On my system, a pretty normal Ubuntu 13.10, the french accented characters "éèàçù..." are always handled correctly by whatever tools I use, despite LC_ environment variables being set to en_US.UTF-8. In particular command line utilities like grep, cat, ... always read and print these characters without a hitch.
Despite these remarks, such a small program as
int main() {
printf("%c", getchar());
return 0;
}
fails when the user enters "é".
From the man pages, and a lot of googling, there is no standard way to close stdout, then reopening it. From man fwide(), if stdout is in byte mode, I can't pass it to wide character mode, short of closing it and reopening it... therefore I can't use getwchar() and wprintf().
I can't believe that every single utility like cat, grep, etc... reimplements a way to manage wide characters, yet from my research, I see no other way.
Is it my system that has a problem? I can't see how since every utility works flawlessly. What am I missing, please?
When a C program starts, stdout
, stdin
and stderr
are neither byte nor wide-character oriented. fwide(stdin, 0)

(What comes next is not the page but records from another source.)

(* Every object $M$ of $\bar{\mathcal{O}}$ is a direct sum of indecomposable objects of $\bar{\mathcal{O}}$.
   Context: $\mathbb{K}$ is an algebraically closed field of characteristic $0$. $\mathfrak{g}=\bigcup_{n\ge1}\mathfrak{g}_n$ is a root-reductive Lie algebra (nested finite-dimensional reductive Lie algebras with nested Cartan subalgebras, each inclusion $\mathfrak{g}_n\hookrightarrow\mathfrak{g}_{n+1}$ a root inclusion). $\mathfrak{h}$ is a splitting maximal toral subalgebra ($\mathfrak{h}\cap\mathfrak{g}_n$ maximal toral in $\mathfrak{g}_n$, $\mathfrak{g}=\mathfrak{h}\oplus\bigoplus_{\alpha\in\Delta}\mathfrak{g}^\alpha$). $\mathfrak{b}=\mathfrak{h}\oplus\mathfrak{n}$, $\mathfrak{n}=\bigoplus_{\alpha\in\Delta^+}\mathfrak{g}^\alpha$, is a splitting Borel subalgebra given by positive roots $\Delta^+$, assumed Dynkin (generated by $\mathfrak{h}$ and the simple root spaces). The extended category $\mathcal{O}$, denoted $\bar{\mathcal{O}}$, is the full subcategory of $\mathfrak{g}$-modules $M$ such that $M$ is an $\mathfrak{h}$-weight module (semisimple over $\mathfrak{h}$) with finite-dimensional weight spaces and $M$ is locally $\mathfrak{n}$-finite ($U(\mathfrak{n})\cdot v$ finite-dimensional for all $v\in M$). *)

From HB Require Import structures.
From mathcomp Require Import all_boot all_order all_algebra.
Set Implicit Arguments. Unset Strict Implicit. Unset Printing Implicit Defensive.
Import GRing.Theory.
Local Open Scope ring_scope.

Section LinAlg.
Variables (K : fieldType) (M : lmodType K).

Definition span (S : M -> Prop) : M -> Prop := fun x =>
  exists n (v : 'I_n -> M) (c : 'I_n -> K),
    (forall i, S (v i)) /\ x = \sum_(i < n) c i *: v i.

Definition subspace (S : M -> Prop) : Prop :=
  S 0 /\ forall (a : K) x y, S x -> S y -> S (a *: x + y).

Definition fin_dim (S : M -> Prop) : Prop :=
  exists n (b : 'I_n -> M), forall x, S x <-> span (fun y => exists i, y = b i) x.

Definition subset_of (A B : M -> Prop) : Prop := forall x, A x -> B x.

Definition direct_sum2 (N N1 N2 : M -> Prop) : Prop :=
  [/\ subset_of N1 N, subset_of N2 N,
      (forall v, N v -> exists v1 v2, [/\ N1 v1, N2 v2 & v = v1 + v2]) &
      (forall v, N1 v -> N2 v -> v = 0)].

Definition direct_sum_family (I : Type) (Ns : I -> M -> Prop) : Prop :=
  (forall v : M, exists k (f : 'I_k -> I) (w : 'I_k -> M),
      (forall j, Ns (f j) (w j)) /\ v = \sum_(j < k) w j) /\
  (forall k (f : 'I_k -> I) (w : 'I_k -> M), injective f ->
      (forall j, Ns (f j) (w j)) -> \sum_(j < k) w j = 0 -> forall j, w j = 0).

End LinAlg.

Section Lie.
Variables (K : fieldType) (L : lmodType K) (br : L -> L -> L).

Definition lie_bracket : Prop :=
  [/\ forall (a : K) x y z, br (a *: x + y) z = a *: br x z + br y z,
      forall (a : K) x y z, br z (a *: x + y) = a *: br z x + br z y,
      forall x, br x x = 0 &
      forall x y z, br x (br y z) + br y (br z x) + br z (br x y) = 0].

Definition subalgebra (S : L -> Prop) : Prop :=
  subspace S /\ forall x y, S x -> S y -> S (br x y).

Definition ideal_of (S I : L -> Prop) : Prop :=
  [/\ subspace I, subset_of I S & forall x y, S x -> I y -> I (br x y)].

Definition brsp (A B : L -> Prop) : L -> Prop :=
  span (fun z => exists x y, [/\ A x, B y & z = br x y]).

Fixpoint derived (I : L -> Prop) (k : nat) : L -> Prop :=
  if k is k'.+1 then brsp (derived I k') (derived I k') else I.

Fixpoint lcs (S : L -> Prop) (k : nat) : L -> Prop :=
  if k is k'.+1 then brsp S (lcs S k') else S.

Definition solvable_sp (I : L -> Prop) : Prop :=
  exists k, forall x, derived I k x -> x = 0.

Definition nilpotent_sp (S : L -> Prop) : Prop :=
  exists k, forall x, lcs S k x -> x = 0.

Definition center_of (S : L -> Prop) : L -> Prop :=
  fun x => S x /\ forall y, S y -> br x y = 0.

(* finite-dimensional reductive Lie subalgebra: radical = center, i.e.
   every solvable ideal lies in the center *)
Definition reductive (S : L -> Prop) : Prop :=
  [/\ subalgebra S, fin_dim S &
      forall I, ideal_of S I -> solvable_sp I -> subset_of I (center_of S)].

Definition cartan_of (S H : L -> Prop) : Prop :=
  [/\ subalgebra H, subset_of H S, nilpotent_sp H &
      forall x, S x -> (forall y, H y -> H (br x y)) -> H x].

(* functionals on H (represented by functions L -> K linear on H) *)
Definition linear_on (H : L -> Prop) (lam : L -> K) : Prop :=
  forall (a : K) x y, H x -> H y -> lam (a *: x + y) = a * lam x + lam y.

Definition eq_on (H : L -> Prop) (lam mu : L -> K) : Prop :=
  forall x, H x -> lam x = mu x.

Definition rootsp (S H : L -> Prop) (lam : L -> K) : L -> Prop :=
  fun x => S x /\ forall h, H h -> br h x = lam h *: x.

Definition is_root (S H : L -> Prop) (lam : L -> K) : Prop :=
  [/\ linear_on H lam, exists h, H h /\ lam h != 0 &
      exists x, rootsp S H lam x /\ x != 0].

should return 0 at this point.
If you expand your minimal program to:
#include <stdio.h>
#include <locale.h>
#include <wchar.h>
int main()
{
setlocale(LC_ALL, "");
printf("%lc\n", getwchar());
return 0;
}
Then it should work as you expect. (There is no need to explicitly set the orientation of stdin
here - since the first operation on it is a wide-character operation, it will have wide-character orientation).
You do need to use getwchar()
instead of getchar()
if you want to read a wide character with it, though.